Because despite the backlash, WhatsApp is still determined to push through with its previously announced changes.
Here’s what you need to know.
WhatsApp Will Still Proceed with New Privacy Update & Will Display Banner in the App
According to an update on WhatsApp’s official blog, the app will be going ahead with its new privacy update despite the backlash.
However, this time, they’ll be going about it in a different way.
The previous announcement, WhatsApp claims, was met with a lot of “misinformation”, so this time, they’ll attempt to clear up the confusion in a few ways:
- Using the status function to update WhatsApp users about WhatsApp’s values and functions
- Placing a banner in the app which will provide more information on the new privacy update
- Include information to address people’s concerns
Eventually, the post said, the app will remind people to review and accept the changes to continue using the app.

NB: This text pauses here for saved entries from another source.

(* Let $N>1$ be odd and let $\mathcal{C}$ be a metaplectic modular category with the fusion rules of $SO(N)_2$, and let $Z$ be its unique nontrivial simple object of dimension $1$. Then $Z$ is a boson: its twist satisfies $\theta_Z=1$.
   Context: The fusion rules of $SO(N)_2$ ($N>1$ odd): there are simple objects $\mathbf{1}, Z$ of dimension $1$, $X_1,X_2$ of dimension $\sqrt N$, and $Y_1,\dots,Y_{(N-1)/2}$ of dimension $2$, with $Z\otimes Z\cong\mathbf 1$, $Z\otimes Y_i\cong Y_i$, $Z\otimes X_1\cong X_2$, $Z\otimes X_2\cong X_1$, $X_i^{\otimes 2}\cong \mathbf{1}\oplus\bigoplus_{j}Y_j$, $X_1\otimes X_2\cong Z\oplus\bigoplus_j Y_j$, $Y_i\otimes Y_j\cong Y_{\min\{i+j,N-i-j\}}\oplus Y_{|i-j|}$ for $i\ne j$, and $Y_i^{\otimes 2}\cong \mathbf{1}\oplus Z\oplus Y_{\min\{2i,N-2i\}}$. A metaplectic modular category is a unitary modular category with the same fusion rules as $SO(N)_2$ for some odd $N>1$. *)

From HB Require Import structures.
From mathcomp Require Import all_boot all_order all_algebra.
Set Implicit Arguments. Unset Strict Implicit. Unset Printing Implicit Defensive.
Import Order.TTheory GRing.Theory Num.Theory.
Local Open Scope ring_scope.

(* ---------- labels of SO(N)_2 ----------
   label 0 = 1, label 1 = Z, label 2 = X_1, label 3 = X_2,
   label (j+3) = Y_j  for 1 <= j <= (N-1)/2.                           *)
Definition nlab (N : nat) : nat := (N./2 + 3).+1.
Definition lab (N : nat) := 'I_(nlab N).
Definition lab1 {N : nat} : lab N := inord 0.
Definition labZ {N : nat} : lab N := inord 1.

Definition ymin (N s : nat) : nat := minn s (N - s).

(* fusb N a b c  <=>  c occurs (with multiplicity 1) in a (x) b.
   All SO(N)_2 fusion multiplicities are 0 or 1.                        *)
Definition fusb (N a b c : nat) : bool :=
  if a == 0%N then c == b
  else if b == 0%N then c == a
  else if a == 1%N then
    (if b == 1%N then c == 0%N else if b == 2%N then c == 3%N
     else if b == 3%N then c == 2%N else c == b)
  else if b == 1%N then
    (if a == 2%N then c == 3%N else if a == 3%N then c == 2%N else c == a)
  else if (a <= 3)%N && (b <= 3)%N then
    [|| (a == b) && (c == 0%N), (a != b) && (c == 1%N) | (4 <= c)%N]
  else if (a <= 3)%N || (b <= 3)%N then (c == 2%N) || (c == 3%N)
  else
    let i := (a - 3)%N in let j := (b - 3)%N in
    if i == j then [|| c == 0%N, c == 1%N | c == (ymin N (i + i) + 3)%N]
    else (c == (ymin N (i + j) + 3)%N) || (c == ((i - j) + (j - i) + 3)%N).

Definition adm {N : nat} (a b c : lab N) : bool := fusb N a b c.

Section Data.
Variables (C : numClosedFieldType) (N : nat).
Notation L := (lab N).
(* F a b c d e f = [F^{abc}_d]_{e f} : basis change from
   ((a b)_e c)_d  to  (a (b c)_f)_d   (Bonderson conventions).
   R a b c = R^{ab}_c.                                                    *)
Variables (F : L -> L -> L -> L -> L -> L -> C) (R : L -> L -> L -> C).

Definition admF (a b c d e f : L) : bool :=
  [&& adm a b e, adm e c d, adm b c f & adm a f d].

Definition F_support : Prop :=
  forall a b c d e f, ~~ admF a b c d e f -> F a b c d e f = 0.
Definition R_support : Prop :=
  forall a b c, ~~ adm a b c -> R a b c = 0.

Definition F_unit_normalized : Prop :=
  forall a b c d e f, [|| a == lab1, b == lab1 | c == lab1] ->
    admF a b c d e f -> F a b c d e f = 1.

Definition pentagon : Prop :=
  forall a b c d e f g k l : L,
    F f c d e g l * F a b l e f k =
    \sum_(h : L) F a b c g f h * F a h d e g k * F b c d k h l.

Definition hexagons : Prop :=
  forall a b c d e g : L,
    (R c a e * F a c b d e g * R c b g =
       \sum_(f : L) F c a b d e f * R c f d * F a b c d f g)
 /\ ((R a c e)^-1 * F a c b d e g * (R b c g)^-1 =
       \sum_(f : L) F c a b d e f * (R f c d)^-1 * F a b c d f g).

Definition F_unitary : Prop :=
  forall a b c d e e' : L,
    adm a b e -> adm e c d -> adm a b e' -> adm e' c d ->
    \sum_(f : L) F a b c d e f * (F a b c d e' f)^* = (e == e')%:R.
Definition R_unitary : Prop :=
  forall a b c, adm a b c -> R a b c * (R a b c)^* = 1.

(* quantum dimension (all labels are self-dual): d_a = |[F^{aaa}_a]_{11}|^-1 *)
Definition qdim (a : L) : C := (`|F a a a a lab1 lab1|)^-1.

Definition twist (a : L) : C := \sum_(c : L) (qdim c / qdim a) * R a a c.

(* unnormalised S-matrix (all labels self-dual) *)
Definition Smatrix : 'M[C]_(nlab N) :=
  \matrix_(a, b) \sum_(c : L) (adm a b c)%:R * (twist c / (twist a * twist b)) * qdim c.

Definition modular : Prop := \det Smatrix != 0.

Definition unitary_modular_SO2 : Prop :=
  F_support /\ R_support /\ F_unit_normalized /\ pentagon /\
  hexagons /\ F_unitary /\ R_unitary /\ modular.
End Data.

From HB Require Import structures.
From mathcomp Require Import all_boot all_order all_algebra zify ring.
Import Order.TTheory GRing.Theory Num.Theory.
Local Open Scope ring_scope.

(* Since Z (x) Z = 1, the twist of Z is theta_Z = R^{ZZ}_1, so the claim is
   R^{ZZ}_1 = 1.  Dividing the two hexagon equations whenever their right-hand
   sums have a single term gives the monodromy relation
   M^{ca}_e M^{cb}_g = M^{cf}_d, with M^{ab}_c = R^{ab}_c R^{ba}_c.  Applied to
   X_1 (x) X_1 with c = Z and d in {1, Y_1}, it makes the monodromy of Z with Y_1
   trivial, and then R^{Y_1 Y_1}_1 and R^{Y_1 Y_1}_Z agree up to sign.  A
   hexagon identifies R^{ZZ}_1 with F^{Z Y_1 Z}_{Y_1; Y_1 Y_1}, and combining a
   pentagon with two more hexagons forces this F-symbol to be 1. *)

Definition zfus (b : nat) : nat :=
  match b with 0 => 1 | 1 => 0 | 2 => 3 | 3 => 2 | _ => b end%N.

Lemma zfusK : involutive zfus. Proof. by case=> [|[|[|[|b]]]]. Qed.

Lemma fusb_Zl N b c : fusb N 1 b c = (c == zfus b).
Proof. by case: b => [|[|[|[|b]]]]. Qed.

Lemma fusb_Zr N a c : fusb N a 1 c = (c == zfus a).
Proof. by case: a => [|[|[|[|a]]]]. Qed.

Lemma fusb_0l N b c : fusb N 0 b c = (c == b). Proof. by []. Qed.

Lemma fusb_0r N a c : fusb N a 0 c = (c == a).
Proof. by rewrite /fusb; case: eqP => // ->. Qed.

Lemma val_inord_lab N k : (k < 4)%N -> nat_of_ord (inord k : lab N) = k.
Proof. by move=> hk; rewrite inordK // /nlab; lia. Qed.

Lemma val_lab1 N : nat_of_ord (@lab1 N) = 0%N. Proof. exact: val_inord_lab. Qed.
Lemma val_labZ N : nat_of_ord (@labZ N) = 1%N. Proof. exact: val_inord_lab. Qed.

Section Skeletal.
Variables (C : numClosedFieldType) (N : nat).
Variables (F : lab N -> lab N -> lab N -> lab N -> lab N -> lab N -> C)
  (R : lab N -> lab N -> lab N -> C).
Hypotheses (Fsupp : F_support F) (Rsupp : R_support R)
  (Fnorm : F_unit_normalized F) (Fpent : pentagon F) (FRhex : hexagons F R)
  (Funit : F_unitary F) (Runit : R_unitary R).

Lemma R_neq0 {a b c} : adm a b c -> R a b c != 0.
Proof.
by move=> /Runit RR; apply: contra_eq_neq RR => ->; rewrite mul0r eq_sym oner_neq0.
Qed.

Lemma admF_of_F_neq0 {a b c d e f} : F a b c d e f != 0 -> admF a b c d e f.
Proof. by apply: contraNT => /Fsupp ->. Qed.

Lemma normF_single {a b c d e f0} :
  (forall f, f != f0 -> F a b c d e f = 0) -> admF a b c d e f0 ->
  `|F a b c d e f0| = 1.
Proof.
move=> F0 /and4P[abe ecd _ _].
have := Funit _ _ _ _ _ _ abe ecd abe ecd.
rewrite eqxx (big_only1 f0) // => [|f /F0 -> _].
  by rewrite -normCK => /eqP; rewrite sqrp_eq1 // => /eqP.
by rewrite mul0r.
Qed.

Lemma F_neq0_single {a b c d e f0} :
  (forall f, f != f0 -> F a b c d e f = 0) -> admF a b c d e f0 ->
  F a b c d e f0 != 0.
Proof. by move=> F0 /(normF_single F0) F1; rewrite -normr_eq0 F1 oner_eq0. Qed.

Definition monodromy (a b c : lab N) : C := R a b c * R b a c.

Lemma hexagons_single {a b c d e} g {f0} :
  (forall f, f != f0 -> F c a b d e f = 0) ->
  R c a e * F a c b d e g * R c b g = F c a b d e f0 * R c f0 d * F a b c d f0 g
  /\ (R a c e)^-1 * F a c b d e g * (R b c g)^-1
     = F c a b d e f0 * (R f0 c d)^-1 * F a b c d f0 g.
Proof.
move=> F0; have [hex1 hex2] := FRhex a b c d e g.
by rewrite hex1 hex2 !(big_only1 f0) // => f /F0 -> _; rewrite !mul0r.
Qed.

Lemma monodromy_hexagon {a b c d e} g {f0} :
  (forall f, f != f0 -> F c a b d e f = 0) -> admF c a b d e f0 ->
  F a c b d e g != 0 -> F a b c d f0 g != 0 ->
  monodromy c a e * monodromy c b g = monodromy c f0 d.
Proof.
move=> F0 adm0 Fg Ff0; have Ff := F_neq0_single F0 adm0.
case/and4P: adm0 => cae _ _ cfd.
case/and4P: (admF_of_F_neq0 Fg) => ace _ cbg _.
case/and4P: (admF_of_F_neq0 Ff0) => _ fcd bcg _.
have [hex1 hex2] := hexagons_single g F0.
have Rfc := R_neq0 fcd; have Rac := R_neq0 ace; have Rbc := R_neq0 bcg.
have := congr2 (fun u v => u / v) hex1 hex2 => /=.
have -> : R c a e * F a c b d e g * R c b g /
    ((R a c e)^-1 * F a c b d e g * (R b c g)^-1) =
    monodromy c a e * monodromy c b g.
  by rewrite /monodromy; field; rewrite Rbc Rac Fg.
have -> // : F c a b d e f0 * R c f0 d * F a b c d f0 g /
    (F c a b d e f0 * (R f0 c d)^-1 * F a b c d f0 g) =
    monodromy c f0 d.
  by rewrite /monodromy; field; rewrite Ff Ff0 Rfc.
Qed.

Lemma F_single_1m (a c d e f : lab N) :
  f != c -> F a lab1 c d e f = 0.
Proof.
move=> fc; apply/Fsupp/negP => /and4P[_ _ + _].
by rewrite /adm val_lab1 fusb_0l val_eqE (negbTE fc).
Qed.

Lemma R_unit a : R a lab1 a = 1 /\ R lab1 a a = 1.
Proof.
have [hex1 hex2] := hexagons_single a (@F_single_1m a lab1 a a).
have adm1 (b : lab N) : adm lab1 b b by rewrite /adm val_lab1 fusb_0l.
have adm1r (b : lab N) : adm b lab1 b by rewrite /adm val_lab1 fusb_0r.
rewrite !Fnorm ?eqxx ?orbT /admF ?adm1 ?adm1r // !mulr1 !mul1r in hex1 hex2.
split; first by apply: (mulIf (R_neq0 (adm1r a))); rewrite mul1r.
apply: invr_inj; rewrite invr1.
by apply: (mulIf (invr_neq0 (R_neq0 (adm1 a)))); rewrite mul1r.
Qed.

Lemma F_single_Zl {b c d e f0 : lab N} : nat_of_ord f0 = zfus d ->
  forall f, f != f0 -> F labZ b c d e f = 0.
Proof.
move=> f0E f; apply: contraNeq => /admF_of_F_neq0/and4P[_ _ _].
rewrite /adm val_labZ fusb_Zl => /eqP dE.
by apply/eqP/val_inj; rewrite /= f0E dE zfusK.
Qed.

Lemma F_single_Zm {a c d e f0 : lab N} : nat_of_ord f0 = zfus c ->
  forall f, f != f0 -> F a labZ c d e f = 0.
Proof.
move=> f0E f; apply: contraNeq => /admF_of_F_neq0/and4P[_ _ + _].
by rewrite /adm val_labZ fusb_Zl -f0E => /eqP/val_inj->.
Qed.

Lemma F_single_Zr {a b d e f0 : lab N} : nat_of_ord f0 = zfus b ->
  forall f, f != f0 -> F a b labZ d e f = 0.
Proof.
move=> f0E f; apply: contraNeq => /admF_of_F_neq0/and4P[_ _ + _].
by rewrite /adm val_labZ fusb_Zr -f0E => /eqP/val_inj->.
Qed.

Lemma fusZ_Z : nat_of_ord (@lab1 N) = zfus (@labZ N).
Proof. by rewrite val_lab1 val_labZ. Qed.

Lemma twist_labZ : twist F R labZ = R labZ labZ lab1.
Proof.
have ZZ1 : admF (@labZ N) labZ labZ labZ lab1 lab1.
  by rewrite /admF /adm val_lab1 val_labZ.
have q1 : qdim F (@lab1 N) = 1.
  by rewrite /qdim Fnorm ?eqxx // ?normr1 ?invr1 // /admF /adm val_lab1.
have qZ : qdim F (@labZ N) = 1.
  by rewrite /qdim (normF_single (F_single_Zl fusZ_Z) ZZ1) invr1.
rewrite /twist (big_only1 lab1) // => [|c c1 _]; first by rewrite q1 qZ divr1 mul1r.
rewrite Rsupp ?mulr0 // /adm val_labZ fusb_Zl /=.
by rewrite -[0%N](val_lab1 N) val_eqE.
Qed.

Lemma pentagon_single {a b c g f} d e k l {h0} :
  (forall h, h != h0 -> F a b c g f h = 0) ->
  F f c d e g l * F a b l e f k = F a b c g f h0 * F a h0 d e g k * F b c d k h0 l.
Proof. by move=> F0; rewrite Fpent (big_only1 h0) // => h /F0 -> _; rewrite !mul0r. Qed.

Section WithY1.
Hypothesis N_gt1 : (1 < N)%N.

Local Notation labX1 := (inord 2 : lab N).
Local Notation labX2 := (inord 3 : lab N).
Local Notation labY1 := (inord 4 : lab N).

Lemma val_labY1 : nat_of_ord labY1 = 4%N.
Proof.
rewrite inordK // /nlab; suff : (0 < N./2)%N by lia.
by case: N N_gt1 => [|[|n]].
Qed.

Lemma val_labX1 : nat_of_ord labX1 = 2%N. Proof. exact: val_inord_lab. Qed.
Lemma val_labX2 : nat_of_ord labX2 = 3%N. Proof. exact: val_inord_lab. Qed.

Local Ltac lab_compute :=
  by rewrite /admF /adm ?val_lab1 ?val_labZ ?val_labX1 ?val_labX2 ?val_labY1.

Lemma monodromy_ZY1 : monodromy labZ labY1 labY1 = 1.
Proof.
have X1_sq (d f0 : lab N) : nat_of_ord f0 = zfus d ->
    admF labZ labX1 labX1 d labX2 f0 -> admF labX1 labZ labX1 d labX2 labX2 ->
    admF labX1 labX1 labZ d f0 labX2 ->
    monodromy labZ labX1 labX2 ^+ 2 = monodromy labZ f0 d.
  move=> f0E adm1 adm2 adm3; rewrite expr2.
  have X2E : nat_of_ord labX2 = zfus labX1 by lab_compute.
  apply: monodromy_hexagon (F_single_Zl f0E) adm1 _ _.
  - exact: F_neq0_single (F_single_Zm X2E) adm2.
  - exact: F_neq0_single (F_single_Zr X2E) adm3.
have [R_Z1 R_1Z] := R_unit labZ.
rewrite -(X1_sq labY1 labY1) ?(X1_sq labZ lab1); try lab_compute.
by rewrite /monodromy R_Z1 R_1Z mulr1.
Qed.

Lemma fusZ_Y1 : nat_of_ord labY1 = zfus labY1. Proof. by rewrite val_labY1. Qed.

Lemma R_Y1Y1_sq : R labY1 labY1 lab1 ^+ 2 = R labY1 labY1 labZ ^+ 2.
Proof.
have F0 := F_single_Zr (a := labY1) (d := labZ) (e := lab1) fusZ_Y1.
have adm0 : admF labY1 labY1 labZ labZ lab1 labY1 by lab_compute.
have F1 := F_single_Zm (a := labY1) (d := labZ) (e := labY1) fusZ_Y1.
have adm1 : admF labY1 labZ labY1 labZ labY1 labY1 by lab_compute.
have mY1Z : monodromy labY1 labZ labY1 = 1.
  by rewrite /monodromy mulrC; exact: monodromy_ZY1.
have := monodromy_hexagon labY1 F0 adm0 (F_neq0_single F0 adm0)
  (F_neq0_single F1 adm1).
by rewrite mY1Z mulr1 /monodromy -!expr2.
Qed.

Lemma R_ZZ_eq_F : R labZ labZ lab1 = F labZ labY1 labZ labY1 labY1 labY1.
Proof.
have F0 := F_single_Zl (b := labZ) (c := labY1) (e := lab1) fusZ_Y1.
have [hex _] := hexagons_single labY1 F0.
have FZ : F labZ labZ labY1 labY1 lab1 labY1 != 0.
  by apply: F_neq0_single F0 _; lab_compute.
have RZY : R labZ labY1 labY1 != 0 by apply: R_neq0; lab_compute.
apply: (mulfI FZ); apply: (mulIf RZY).
by rewrite (mulrC (F _ _ _ _ _ _)) hex; ring.
Qed.

Lemma F_ZY1Z_eq1 : F labZ labY1 labZ labY1 labY1 labY1 = 1.
Proof.
have G_sq : F labY1 labZ labY1 lab1 labY1 labY1 ^+ 2 =
    R labY1 labZ labY1 ^+ 2 * F labZ labY1 labZ labY1 labY1 labY1.
  have F0 := F_single_Zr (a := labY1) (d := labY1) (e := labY1) fusZ_Z.
  rewrite expr2 (pentagon_single labY1 lab1 labY1 labY1 F0).
  rewrite (Fnorm labY1 lab1 labY1 lab1 labY1 labY1) ?eqxx ?orbT ?mulr1 //;
    last by lab_compute.
  have [hex _] := hexagons_single (a := labZ) (b := labZ) (d := labY1) labY1 F0.
  have [R_Y1 _] := R_unit labY1.
  by rewrite R_Y1 mulr1 in hex; rewrite -hex; ring.
have G_R : F labY1 labZ labY1 lab1 labY1 labY1 * R labY1 labY1 lab1 =
    R labY1 labY1 labZ * R labY1 labZ labY1.
  have F1 := F_single_Zr (a := labY1) (d := lab1) (e := labZ) fusZ_Y1.
  have [hex _] := hexagons_single labY1 F1.
  have H : F labY1 labY1 labZ lab1 labZ labY1 != 0.
    by apply: F_neq0_single F1 _; lab_compute.
  by apply: (mulfI H); rewrite mulrA mulrAC -hex; ring.
have RY1 : R labY1 labY1 lab1 != 0 by apply: R_neq0; lab_compute.
have RY1Z : R labY1 labZ labY1 != 0 by apply: R_neq0; lab_compute.
apply: (mulfI (expf_neq0 2 RY1Z)); rewrite mulr1 -G_sq.
apply: (mulIf (expf_neq0 2 RY1)).
by rewrite -exprMn G_R R_Y1Y1_sq; ring.
Qed.

Lemma R_ZZ1 : R labZ labZ lab1 = 1.
Proof. by rewrite R_ZZ_eq_F F_ZY1Z_eq1. Qed.
End WithY1.
End Skeletal.

Theorem lemma1 (C : numClosedFieldType) (N : nat) (HN : (1 < N)%N) (Nodd : odd N)
  (F : lab N -> lab N -> lab N -> lab N -> lab N -> lab N -> C)
  (R : lab N -> lab N -> lab N -> C) :
  unitary_modular_SO2 F R -> twist F R labZ = 1.
Proof.
case=> Fsupp [Rsupp [Fnorm [Fpent [FRhex [Funit [Runit _]]]]]].
rewrite twist_labZ //.
exact: R_ZZ1 Fsupp Fnorm Fpent FRhex Funit Runit HN.
Qed.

WhatsApp also has harsh words for its competitors, which were alluded to, but not specified.
The messaging app pointed out that if a messaging app doesn’t have end-to-end encryption, it means your messages can be read, despite what is claimed.
WhatsApp also emphasised that people are willing to get a “safe” and “reliable” service, even at the expense of a messaging app having “limited” information.
Well, with this, we can safely say that, unless you’re living in Europe, you’ll have to accept the terms and conditions or move on.
The Privacy Update
For those who are still catching up, the change in privacy notice means that your information on WhatsApp will be shared with Facebook.
It was later clarified that private messages (such as your chat with a girlfriend badmouthing another girlfriend) will remain private.
You can read more about the privacy update here.
Oh, and for those interested, here’s how you can migrate your entire chat history to other apps.
No, we’re not telling you to jump ship; we’re just giving you the option.
After all, as this professor said, it’s users themselves who have to decide how much of a trade-off they want to make when it comes to their own personal data.